● **Input for this task**
____
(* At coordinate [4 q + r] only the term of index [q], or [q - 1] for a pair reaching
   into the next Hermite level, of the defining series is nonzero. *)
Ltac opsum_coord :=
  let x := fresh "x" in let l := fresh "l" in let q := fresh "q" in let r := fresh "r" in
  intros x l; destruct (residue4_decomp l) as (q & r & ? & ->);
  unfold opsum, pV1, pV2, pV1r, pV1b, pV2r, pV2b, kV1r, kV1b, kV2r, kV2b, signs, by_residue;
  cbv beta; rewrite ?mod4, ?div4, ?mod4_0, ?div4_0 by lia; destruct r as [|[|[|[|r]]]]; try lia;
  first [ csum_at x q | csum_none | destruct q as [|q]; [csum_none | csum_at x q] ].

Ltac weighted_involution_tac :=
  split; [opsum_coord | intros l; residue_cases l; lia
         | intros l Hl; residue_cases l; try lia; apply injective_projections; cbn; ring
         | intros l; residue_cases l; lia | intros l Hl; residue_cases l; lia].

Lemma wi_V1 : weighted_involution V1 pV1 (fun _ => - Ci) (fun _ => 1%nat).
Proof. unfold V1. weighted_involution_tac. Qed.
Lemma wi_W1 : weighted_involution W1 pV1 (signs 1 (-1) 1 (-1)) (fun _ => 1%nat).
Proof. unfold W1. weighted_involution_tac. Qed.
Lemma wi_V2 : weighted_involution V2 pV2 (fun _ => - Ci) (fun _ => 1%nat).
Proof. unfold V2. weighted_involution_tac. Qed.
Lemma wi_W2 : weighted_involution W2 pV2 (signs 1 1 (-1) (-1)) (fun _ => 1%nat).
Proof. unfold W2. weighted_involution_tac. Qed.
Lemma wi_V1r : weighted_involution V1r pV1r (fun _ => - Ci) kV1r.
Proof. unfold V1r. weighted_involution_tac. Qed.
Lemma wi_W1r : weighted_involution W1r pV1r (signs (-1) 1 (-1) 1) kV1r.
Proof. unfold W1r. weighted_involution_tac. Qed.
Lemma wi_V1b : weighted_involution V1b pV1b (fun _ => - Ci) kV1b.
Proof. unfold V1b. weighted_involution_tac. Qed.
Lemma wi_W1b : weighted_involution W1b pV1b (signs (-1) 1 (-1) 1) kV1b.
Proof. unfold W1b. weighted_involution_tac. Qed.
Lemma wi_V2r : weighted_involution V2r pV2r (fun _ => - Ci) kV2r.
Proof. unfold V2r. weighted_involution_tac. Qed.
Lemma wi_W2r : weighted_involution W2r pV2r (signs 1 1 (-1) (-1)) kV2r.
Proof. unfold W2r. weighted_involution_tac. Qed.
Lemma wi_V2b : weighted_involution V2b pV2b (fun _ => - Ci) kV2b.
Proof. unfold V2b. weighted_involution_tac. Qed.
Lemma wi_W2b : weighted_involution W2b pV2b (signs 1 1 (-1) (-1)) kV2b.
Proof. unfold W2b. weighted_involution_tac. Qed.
____
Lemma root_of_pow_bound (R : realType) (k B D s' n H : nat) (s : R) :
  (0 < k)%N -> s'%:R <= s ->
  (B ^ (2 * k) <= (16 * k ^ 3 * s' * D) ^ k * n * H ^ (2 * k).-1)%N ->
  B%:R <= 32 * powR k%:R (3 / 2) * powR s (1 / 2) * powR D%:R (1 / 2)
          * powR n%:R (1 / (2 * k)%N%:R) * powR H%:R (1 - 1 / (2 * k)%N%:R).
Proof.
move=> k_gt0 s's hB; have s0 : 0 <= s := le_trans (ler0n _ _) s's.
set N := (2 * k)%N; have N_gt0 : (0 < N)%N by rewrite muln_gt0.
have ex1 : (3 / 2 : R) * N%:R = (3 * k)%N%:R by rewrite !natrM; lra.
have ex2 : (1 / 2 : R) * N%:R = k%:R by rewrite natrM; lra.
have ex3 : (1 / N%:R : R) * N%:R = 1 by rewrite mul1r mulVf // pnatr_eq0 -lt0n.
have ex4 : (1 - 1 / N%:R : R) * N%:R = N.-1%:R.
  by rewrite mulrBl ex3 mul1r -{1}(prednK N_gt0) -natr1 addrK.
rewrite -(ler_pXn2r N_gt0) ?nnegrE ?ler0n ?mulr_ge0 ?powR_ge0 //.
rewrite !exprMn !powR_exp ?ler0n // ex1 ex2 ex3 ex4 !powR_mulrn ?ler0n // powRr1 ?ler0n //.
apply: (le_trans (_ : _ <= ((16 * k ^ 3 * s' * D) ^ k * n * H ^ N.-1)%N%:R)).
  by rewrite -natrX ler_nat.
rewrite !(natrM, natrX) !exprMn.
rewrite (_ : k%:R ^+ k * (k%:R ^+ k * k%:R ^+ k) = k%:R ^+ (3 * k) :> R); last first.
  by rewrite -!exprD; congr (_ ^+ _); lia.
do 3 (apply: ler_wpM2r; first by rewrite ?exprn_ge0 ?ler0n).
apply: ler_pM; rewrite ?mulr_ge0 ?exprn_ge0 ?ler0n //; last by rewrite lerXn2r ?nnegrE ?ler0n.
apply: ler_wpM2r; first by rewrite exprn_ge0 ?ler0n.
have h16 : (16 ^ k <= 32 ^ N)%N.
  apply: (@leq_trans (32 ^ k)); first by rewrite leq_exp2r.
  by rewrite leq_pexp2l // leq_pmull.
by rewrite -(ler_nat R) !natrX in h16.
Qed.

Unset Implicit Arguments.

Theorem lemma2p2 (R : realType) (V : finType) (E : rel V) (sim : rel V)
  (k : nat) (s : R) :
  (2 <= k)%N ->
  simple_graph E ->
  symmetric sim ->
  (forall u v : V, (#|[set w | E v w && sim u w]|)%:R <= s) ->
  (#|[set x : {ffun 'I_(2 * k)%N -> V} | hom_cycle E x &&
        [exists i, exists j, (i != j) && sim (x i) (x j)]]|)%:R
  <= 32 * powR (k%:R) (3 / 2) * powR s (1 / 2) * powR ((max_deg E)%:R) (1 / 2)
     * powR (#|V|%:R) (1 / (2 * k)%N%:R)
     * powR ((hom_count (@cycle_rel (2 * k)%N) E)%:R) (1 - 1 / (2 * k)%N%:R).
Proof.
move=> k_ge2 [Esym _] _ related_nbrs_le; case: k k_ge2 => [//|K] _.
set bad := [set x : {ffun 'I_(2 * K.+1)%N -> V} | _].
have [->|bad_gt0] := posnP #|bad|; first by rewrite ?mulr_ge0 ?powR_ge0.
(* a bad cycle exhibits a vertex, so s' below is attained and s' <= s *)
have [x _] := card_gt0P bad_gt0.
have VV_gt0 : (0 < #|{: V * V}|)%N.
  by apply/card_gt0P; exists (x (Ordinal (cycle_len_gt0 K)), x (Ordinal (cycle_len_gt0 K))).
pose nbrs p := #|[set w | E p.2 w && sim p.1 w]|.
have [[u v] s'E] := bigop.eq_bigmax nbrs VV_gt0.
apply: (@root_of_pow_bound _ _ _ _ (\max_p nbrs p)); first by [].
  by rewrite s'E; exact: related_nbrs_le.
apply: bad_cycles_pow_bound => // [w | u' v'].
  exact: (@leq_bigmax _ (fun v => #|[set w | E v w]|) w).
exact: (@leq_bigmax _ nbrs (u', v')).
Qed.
____
● **Exercise details**
The range runs from the line with "move=> k_gt0 s's" up to and including the line with "have ex4 : (1" in the listing above; please write out exactly those lines and nothing more.

● **Response to this task**
move=> k_gt0 s's hB; have s0 : 0 <= s := le_trans (ler0n _ _) s's.
set N := (2 * k)%N; have N_gt0 : (0 < N)%N by rewrite muln_gt0.
have ex1 : (3 / 2 : R) * N%:R = (3 * k)%N%:R by rewrite !natrM; lra.
have ex2 : (1 / 2 : R) * N%:R = k%:R by rewrite natrM; lra.
have ex3 : (1 / N%:R : R) * N%:R = 1 by rewrite mul1r mulVf // pnatr_eq0 -lt0n.
have ex4 : (1 - 1 / N%:R : R) * N%:R = N.-1%:R.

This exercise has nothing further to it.